WHAT TO PRODUCE: Looking at the entries, how many lines hold the word "inside"? State the number by itself.

── INPUT FOR THIS TASK ──

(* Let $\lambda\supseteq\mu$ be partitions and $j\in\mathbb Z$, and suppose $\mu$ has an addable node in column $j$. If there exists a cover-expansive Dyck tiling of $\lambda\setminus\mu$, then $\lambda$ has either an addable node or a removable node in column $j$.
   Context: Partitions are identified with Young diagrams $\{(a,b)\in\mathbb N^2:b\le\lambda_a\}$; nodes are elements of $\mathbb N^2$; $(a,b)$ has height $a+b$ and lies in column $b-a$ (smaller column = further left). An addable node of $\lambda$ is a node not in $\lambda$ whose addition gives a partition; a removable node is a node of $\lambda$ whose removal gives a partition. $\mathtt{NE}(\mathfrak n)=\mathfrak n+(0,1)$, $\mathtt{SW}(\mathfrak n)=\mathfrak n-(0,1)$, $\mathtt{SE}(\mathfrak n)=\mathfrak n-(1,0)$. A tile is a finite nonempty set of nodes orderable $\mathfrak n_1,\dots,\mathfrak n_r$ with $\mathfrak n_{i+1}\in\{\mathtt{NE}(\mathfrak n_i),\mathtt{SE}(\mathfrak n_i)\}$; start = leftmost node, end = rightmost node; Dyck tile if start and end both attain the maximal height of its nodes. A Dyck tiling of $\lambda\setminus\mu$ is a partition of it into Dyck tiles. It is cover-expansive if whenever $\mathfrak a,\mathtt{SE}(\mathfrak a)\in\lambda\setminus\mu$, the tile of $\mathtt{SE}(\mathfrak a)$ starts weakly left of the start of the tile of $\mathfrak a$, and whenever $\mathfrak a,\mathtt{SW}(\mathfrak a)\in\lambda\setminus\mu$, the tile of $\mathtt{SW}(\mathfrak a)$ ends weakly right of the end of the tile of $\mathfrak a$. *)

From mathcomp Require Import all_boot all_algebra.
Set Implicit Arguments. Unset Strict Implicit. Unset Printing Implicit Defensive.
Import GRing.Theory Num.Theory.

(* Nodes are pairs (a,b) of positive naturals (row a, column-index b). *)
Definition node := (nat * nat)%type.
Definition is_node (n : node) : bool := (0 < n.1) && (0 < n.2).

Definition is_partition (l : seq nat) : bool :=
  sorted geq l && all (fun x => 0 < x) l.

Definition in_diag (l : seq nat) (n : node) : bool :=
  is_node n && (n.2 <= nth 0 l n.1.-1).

───
── INPUT FOR THIS TASK ──

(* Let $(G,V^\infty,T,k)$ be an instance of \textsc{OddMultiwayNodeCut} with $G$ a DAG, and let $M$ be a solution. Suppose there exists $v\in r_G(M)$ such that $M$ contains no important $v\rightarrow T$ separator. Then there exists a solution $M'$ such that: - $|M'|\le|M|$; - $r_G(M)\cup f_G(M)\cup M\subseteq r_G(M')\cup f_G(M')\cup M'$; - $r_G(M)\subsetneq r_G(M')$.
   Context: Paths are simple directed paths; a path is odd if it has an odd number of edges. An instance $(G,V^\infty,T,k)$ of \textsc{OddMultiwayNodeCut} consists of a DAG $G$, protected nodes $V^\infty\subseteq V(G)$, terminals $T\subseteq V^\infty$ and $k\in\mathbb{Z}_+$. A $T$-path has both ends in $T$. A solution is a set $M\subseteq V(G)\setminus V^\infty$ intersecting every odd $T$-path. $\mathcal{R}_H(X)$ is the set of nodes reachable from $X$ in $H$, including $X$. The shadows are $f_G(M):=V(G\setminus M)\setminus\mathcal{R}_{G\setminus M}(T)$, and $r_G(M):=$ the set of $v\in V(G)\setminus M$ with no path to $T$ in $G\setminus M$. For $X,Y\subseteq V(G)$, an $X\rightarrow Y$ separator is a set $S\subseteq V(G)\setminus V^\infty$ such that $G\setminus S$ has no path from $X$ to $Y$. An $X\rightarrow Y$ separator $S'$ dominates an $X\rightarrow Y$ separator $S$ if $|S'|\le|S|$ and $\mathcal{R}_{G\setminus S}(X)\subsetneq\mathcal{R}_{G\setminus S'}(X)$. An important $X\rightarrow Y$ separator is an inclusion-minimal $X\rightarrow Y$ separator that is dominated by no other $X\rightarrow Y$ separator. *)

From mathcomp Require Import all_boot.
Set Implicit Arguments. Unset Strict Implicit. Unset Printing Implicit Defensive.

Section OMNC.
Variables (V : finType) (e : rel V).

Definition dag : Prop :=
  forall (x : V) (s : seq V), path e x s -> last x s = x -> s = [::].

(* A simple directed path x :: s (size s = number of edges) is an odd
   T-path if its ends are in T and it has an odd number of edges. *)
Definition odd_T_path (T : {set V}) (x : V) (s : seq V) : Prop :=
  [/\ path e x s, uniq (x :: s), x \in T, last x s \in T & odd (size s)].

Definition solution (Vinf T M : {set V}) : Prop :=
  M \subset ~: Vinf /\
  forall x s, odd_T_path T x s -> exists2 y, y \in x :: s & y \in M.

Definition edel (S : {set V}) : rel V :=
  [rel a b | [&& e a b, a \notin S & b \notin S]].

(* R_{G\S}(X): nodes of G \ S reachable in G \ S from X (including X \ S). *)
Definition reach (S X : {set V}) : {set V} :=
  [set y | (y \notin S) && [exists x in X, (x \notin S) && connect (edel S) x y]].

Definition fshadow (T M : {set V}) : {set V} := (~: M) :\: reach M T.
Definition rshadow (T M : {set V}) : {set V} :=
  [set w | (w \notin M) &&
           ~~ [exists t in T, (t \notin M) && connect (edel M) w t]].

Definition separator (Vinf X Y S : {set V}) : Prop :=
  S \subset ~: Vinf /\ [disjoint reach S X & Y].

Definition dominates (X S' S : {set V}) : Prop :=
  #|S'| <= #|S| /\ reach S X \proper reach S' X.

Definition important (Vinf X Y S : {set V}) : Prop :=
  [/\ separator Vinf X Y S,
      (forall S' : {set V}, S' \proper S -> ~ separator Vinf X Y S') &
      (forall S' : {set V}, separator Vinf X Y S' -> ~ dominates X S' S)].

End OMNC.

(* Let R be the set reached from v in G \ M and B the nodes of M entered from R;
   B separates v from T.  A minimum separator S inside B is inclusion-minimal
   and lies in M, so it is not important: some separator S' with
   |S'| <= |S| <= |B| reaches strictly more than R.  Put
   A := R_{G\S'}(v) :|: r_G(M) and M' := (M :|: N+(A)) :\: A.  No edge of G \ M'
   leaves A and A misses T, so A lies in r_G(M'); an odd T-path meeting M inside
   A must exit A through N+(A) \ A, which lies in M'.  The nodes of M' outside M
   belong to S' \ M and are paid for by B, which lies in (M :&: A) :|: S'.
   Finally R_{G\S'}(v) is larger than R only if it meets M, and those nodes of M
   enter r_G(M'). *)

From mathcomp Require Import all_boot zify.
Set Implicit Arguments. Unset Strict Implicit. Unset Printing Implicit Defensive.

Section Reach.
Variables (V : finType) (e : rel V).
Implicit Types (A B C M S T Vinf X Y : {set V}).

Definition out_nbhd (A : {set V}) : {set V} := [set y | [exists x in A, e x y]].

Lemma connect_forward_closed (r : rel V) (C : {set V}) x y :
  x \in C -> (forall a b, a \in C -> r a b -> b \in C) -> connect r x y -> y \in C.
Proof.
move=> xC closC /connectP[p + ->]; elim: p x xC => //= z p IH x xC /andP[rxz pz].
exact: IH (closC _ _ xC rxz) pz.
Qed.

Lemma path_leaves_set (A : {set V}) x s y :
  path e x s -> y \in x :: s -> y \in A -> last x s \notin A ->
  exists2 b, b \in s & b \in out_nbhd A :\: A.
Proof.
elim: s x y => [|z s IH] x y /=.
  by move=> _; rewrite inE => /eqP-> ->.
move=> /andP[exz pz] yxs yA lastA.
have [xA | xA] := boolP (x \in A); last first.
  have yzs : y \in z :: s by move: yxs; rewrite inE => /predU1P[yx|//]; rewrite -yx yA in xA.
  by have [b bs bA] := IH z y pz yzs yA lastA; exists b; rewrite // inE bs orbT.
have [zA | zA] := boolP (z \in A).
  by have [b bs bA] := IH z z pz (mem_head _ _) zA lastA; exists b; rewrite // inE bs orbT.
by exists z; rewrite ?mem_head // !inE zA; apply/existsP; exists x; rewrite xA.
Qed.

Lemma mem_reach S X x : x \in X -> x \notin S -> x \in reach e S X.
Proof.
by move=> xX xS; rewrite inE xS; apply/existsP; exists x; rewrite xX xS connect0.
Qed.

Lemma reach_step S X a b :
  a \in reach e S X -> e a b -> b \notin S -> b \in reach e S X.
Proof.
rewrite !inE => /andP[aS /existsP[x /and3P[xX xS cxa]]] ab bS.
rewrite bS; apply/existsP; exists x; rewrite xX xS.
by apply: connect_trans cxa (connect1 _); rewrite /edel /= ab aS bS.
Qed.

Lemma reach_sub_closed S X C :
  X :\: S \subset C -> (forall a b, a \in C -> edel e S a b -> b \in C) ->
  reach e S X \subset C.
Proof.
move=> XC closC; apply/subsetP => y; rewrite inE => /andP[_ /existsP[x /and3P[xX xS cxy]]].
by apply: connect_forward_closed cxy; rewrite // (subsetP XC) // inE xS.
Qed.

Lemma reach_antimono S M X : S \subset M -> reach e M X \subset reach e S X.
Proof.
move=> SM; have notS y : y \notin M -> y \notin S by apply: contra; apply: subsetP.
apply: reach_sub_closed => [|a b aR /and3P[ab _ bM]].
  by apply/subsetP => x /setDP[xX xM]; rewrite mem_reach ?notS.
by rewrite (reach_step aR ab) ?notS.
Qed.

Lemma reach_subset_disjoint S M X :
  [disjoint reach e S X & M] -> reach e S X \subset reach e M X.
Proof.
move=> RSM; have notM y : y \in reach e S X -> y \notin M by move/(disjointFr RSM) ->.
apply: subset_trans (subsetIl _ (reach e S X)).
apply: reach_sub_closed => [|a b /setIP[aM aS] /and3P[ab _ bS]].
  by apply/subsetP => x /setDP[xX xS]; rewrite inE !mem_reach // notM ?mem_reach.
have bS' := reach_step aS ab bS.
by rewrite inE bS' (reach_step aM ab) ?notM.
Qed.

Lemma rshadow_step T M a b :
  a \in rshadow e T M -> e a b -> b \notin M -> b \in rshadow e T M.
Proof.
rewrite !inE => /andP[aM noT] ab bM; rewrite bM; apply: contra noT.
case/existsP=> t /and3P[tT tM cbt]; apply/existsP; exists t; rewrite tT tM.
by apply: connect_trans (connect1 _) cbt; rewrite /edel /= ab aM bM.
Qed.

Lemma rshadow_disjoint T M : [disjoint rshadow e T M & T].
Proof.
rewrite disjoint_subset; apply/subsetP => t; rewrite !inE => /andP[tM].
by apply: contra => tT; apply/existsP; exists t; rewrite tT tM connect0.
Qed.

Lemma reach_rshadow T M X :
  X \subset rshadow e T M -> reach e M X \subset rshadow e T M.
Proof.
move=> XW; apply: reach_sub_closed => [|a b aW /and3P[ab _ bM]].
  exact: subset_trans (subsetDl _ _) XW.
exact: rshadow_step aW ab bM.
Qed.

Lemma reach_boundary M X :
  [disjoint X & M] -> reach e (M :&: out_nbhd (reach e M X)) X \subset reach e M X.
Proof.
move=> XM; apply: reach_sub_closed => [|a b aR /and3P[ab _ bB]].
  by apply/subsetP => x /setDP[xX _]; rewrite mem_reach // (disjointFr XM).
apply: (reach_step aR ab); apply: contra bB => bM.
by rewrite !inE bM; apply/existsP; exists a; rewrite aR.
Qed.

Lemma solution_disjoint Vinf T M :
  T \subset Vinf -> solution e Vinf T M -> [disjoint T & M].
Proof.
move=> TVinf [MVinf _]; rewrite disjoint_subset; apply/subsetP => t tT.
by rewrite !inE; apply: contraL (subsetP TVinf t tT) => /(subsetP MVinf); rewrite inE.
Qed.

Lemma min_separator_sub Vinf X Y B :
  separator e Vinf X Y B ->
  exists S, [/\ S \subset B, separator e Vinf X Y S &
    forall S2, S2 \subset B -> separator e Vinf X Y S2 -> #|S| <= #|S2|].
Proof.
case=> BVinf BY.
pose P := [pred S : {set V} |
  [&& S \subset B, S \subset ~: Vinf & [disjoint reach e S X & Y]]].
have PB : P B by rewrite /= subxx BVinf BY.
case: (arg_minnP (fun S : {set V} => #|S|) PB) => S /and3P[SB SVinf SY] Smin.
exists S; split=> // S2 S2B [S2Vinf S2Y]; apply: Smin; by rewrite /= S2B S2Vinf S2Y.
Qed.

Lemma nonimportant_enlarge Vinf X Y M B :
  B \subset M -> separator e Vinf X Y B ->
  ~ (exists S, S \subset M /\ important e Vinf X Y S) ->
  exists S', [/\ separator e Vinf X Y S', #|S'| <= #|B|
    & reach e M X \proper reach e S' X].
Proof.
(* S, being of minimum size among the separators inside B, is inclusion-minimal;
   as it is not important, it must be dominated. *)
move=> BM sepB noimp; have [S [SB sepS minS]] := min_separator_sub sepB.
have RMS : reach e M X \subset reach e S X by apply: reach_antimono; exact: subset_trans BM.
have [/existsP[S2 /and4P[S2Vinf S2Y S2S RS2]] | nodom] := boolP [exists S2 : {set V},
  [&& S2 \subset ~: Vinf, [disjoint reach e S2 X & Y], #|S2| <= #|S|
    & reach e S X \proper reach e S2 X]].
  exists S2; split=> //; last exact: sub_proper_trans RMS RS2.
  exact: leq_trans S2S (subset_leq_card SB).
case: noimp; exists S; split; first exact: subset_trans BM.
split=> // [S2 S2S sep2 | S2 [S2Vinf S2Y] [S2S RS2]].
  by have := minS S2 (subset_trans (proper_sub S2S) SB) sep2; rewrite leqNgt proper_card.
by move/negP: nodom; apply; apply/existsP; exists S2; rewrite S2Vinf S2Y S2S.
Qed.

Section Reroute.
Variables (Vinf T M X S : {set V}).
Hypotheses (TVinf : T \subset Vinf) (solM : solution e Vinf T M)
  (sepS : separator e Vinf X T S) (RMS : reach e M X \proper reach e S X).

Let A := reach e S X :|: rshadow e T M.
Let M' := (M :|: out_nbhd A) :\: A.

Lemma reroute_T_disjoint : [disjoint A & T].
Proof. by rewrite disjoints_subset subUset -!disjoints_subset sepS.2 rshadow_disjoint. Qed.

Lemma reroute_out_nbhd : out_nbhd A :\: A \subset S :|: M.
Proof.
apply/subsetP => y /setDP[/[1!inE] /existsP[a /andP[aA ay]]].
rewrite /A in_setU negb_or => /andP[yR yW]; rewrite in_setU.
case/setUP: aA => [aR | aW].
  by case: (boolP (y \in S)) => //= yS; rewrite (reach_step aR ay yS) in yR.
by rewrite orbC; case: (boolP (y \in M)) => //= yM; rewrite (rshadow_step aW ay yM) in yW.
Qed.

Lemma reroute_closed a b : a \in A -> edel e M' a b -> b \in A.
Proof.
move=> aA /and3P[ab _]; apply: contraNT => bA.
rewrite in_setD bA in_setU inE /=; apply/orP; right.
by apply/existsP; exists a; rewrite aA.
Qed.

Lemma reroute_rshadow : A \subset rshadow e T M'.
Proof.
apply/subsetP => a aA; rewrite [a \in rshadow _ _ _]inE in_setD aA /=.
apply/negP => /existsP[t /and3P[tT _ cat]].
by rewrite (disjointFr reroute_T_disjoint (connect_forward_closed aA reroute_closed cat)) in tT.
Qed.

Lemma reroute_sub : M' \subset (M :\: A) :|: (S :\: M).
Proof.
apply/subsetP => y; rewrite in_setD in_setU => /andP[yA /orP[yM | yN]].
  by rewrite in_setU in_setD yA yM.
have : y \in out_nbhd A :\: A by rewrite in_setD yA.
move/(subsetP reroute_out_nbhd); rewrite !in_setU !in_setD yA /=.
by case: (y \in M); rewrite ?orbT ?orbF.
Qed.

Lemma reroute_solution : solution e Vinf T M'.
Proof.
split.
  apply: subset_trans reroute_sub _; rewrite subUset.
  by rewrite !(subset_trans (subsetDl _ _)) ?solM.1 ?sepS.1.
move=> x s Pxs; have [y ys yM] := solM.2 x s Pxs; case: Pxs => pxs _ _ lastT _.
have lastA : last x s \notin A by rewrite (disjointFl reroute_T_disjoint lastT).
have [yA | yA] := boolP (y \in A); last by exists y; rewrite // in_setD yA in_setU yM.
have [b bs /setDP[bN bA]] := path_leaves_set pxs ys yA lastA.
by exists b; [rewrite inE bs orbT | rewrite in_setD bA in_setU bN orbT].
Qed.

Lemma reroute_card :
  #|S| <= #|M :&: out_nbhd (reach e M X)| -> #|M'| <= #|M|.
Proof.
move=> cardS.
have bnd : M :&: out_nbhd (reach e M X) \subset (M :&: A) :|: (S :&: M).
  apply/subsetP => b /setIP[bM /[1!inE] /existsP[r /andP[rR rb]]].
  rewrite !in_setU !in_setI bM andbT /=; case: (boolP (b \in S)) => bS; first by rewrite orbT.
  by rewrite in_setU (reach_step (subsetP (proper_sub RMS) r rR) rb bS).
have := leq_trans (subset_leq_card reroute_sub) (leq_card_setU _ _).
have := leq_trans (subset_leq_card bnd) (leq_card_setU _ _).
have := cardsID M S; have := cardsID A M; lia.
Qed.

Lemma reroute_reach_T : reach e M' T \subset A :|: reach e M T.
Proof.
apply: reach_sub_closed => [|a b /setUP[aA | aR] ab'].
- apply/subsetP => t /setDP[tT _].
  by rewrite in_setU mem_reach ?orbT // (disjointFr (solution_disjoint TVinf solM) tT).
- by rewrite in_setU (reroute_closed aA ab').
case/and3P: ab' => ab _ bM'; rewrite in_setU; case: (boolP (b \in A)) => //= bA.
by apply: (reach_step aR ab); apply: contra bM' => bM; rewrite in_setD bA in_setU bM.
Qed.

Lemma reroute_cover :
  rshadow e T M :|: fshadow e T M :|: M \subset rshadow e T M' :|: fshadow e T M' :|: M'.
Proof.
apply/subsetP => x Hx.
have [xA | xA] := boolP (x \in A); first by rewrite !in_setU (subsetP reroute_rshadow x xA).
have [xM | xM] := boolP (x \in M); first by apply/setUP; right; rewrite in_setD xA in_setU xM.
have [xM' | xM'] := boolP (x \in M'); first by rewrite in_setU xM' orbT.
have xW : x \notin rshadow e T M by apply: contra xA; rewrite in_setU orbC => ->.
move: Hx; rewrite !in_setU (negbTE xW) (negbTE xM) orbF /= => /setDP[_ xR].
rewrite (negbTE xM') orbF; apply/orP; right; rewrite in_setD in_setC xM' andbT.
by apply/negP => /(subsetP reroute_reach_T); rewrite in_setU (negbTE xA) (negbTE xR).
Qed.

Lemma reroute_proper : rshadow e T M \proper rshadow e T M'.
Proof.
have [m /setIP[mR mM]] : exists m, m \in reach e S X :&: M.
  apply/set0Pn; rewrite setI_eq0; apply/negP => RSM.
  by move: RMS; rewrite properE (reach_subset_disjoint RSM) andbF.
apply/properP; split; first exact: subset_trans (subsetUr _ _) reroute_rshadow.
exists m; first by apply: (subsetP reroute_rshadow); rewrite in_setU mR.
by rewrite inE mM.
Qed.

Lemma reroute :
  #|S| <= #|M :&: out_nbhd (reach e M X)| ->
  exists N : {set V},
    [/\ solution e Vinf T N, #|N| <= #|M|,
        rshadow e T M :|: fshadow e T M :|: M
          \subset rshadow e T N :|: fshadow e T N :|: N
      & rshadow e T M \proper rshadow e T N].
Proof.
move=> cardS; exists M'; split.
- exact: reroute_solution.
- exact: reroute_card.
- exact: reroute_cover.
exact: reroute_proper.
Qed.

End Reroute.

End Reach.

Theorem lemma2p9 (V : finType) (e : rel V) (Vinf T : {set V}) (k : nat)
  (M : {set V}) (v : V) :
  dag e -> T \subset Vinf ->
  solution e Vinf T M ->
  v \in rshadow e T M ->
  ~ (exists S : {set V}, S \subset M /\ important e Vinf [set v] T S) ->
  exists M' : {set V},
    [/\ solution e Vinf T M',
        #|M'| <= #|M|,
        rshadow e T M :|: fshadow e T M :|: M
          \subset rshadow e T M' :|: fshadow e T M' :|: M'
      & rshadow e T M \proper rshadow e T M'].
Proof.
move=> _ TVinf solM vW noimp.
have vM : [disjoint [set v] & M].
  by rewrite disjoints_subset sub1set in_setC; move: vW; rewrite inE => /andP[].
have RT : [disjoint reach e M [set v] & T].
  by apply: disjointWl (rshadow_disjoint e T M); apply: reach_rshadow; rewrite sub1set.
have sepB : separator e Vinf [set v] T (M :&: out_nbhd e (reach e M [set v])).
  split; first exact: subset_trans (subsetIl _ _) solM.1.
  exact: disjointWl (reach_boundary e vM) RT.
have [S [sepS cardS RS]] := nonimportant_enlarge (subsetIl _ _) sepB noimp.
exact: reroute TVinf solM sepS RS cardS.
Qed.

───
── INPUT FOR THIS TASK ──

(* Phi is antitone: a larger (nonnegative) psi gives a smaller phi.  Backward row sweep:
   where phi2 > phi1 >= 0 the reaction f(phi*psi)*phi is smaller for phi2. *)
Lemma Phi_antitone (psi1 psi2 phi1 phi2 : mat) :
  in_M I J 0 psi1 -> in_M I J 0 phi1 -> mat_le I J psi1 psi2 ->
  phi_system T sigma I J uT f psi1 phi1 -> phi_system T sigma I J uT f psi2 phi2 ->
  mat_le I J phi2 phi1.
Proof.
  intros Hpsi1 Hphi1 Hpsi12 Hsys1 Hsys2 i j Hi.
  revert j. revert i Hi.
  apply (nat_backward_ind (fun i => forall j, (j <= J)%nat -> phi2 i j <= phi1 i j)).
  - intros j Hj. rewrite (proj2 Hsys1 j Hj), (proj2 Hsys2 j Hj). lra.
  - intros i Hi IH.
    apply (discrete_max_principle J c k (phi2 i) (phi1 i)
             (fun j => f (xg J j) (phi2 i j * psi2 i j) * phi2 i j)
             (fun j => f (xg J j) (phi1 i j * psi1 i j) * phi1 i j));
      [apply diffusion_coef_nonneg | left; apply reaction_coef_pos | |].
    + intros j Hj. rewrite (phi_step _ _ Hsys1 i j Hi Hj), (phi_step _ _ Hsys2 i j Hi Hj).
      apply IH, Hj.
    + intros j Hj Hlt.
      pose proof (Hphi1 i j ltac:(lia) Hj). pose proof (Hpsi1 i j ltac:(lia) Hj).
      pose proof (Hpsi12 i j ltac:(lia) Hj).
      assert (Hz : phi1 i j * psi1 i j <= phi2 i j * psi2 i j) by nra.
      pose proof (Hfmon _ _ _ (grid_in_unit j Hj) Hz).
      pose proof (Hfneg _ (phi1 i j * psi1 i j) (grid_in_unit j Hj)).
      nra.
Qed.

───

YOUR SOLUTION: 3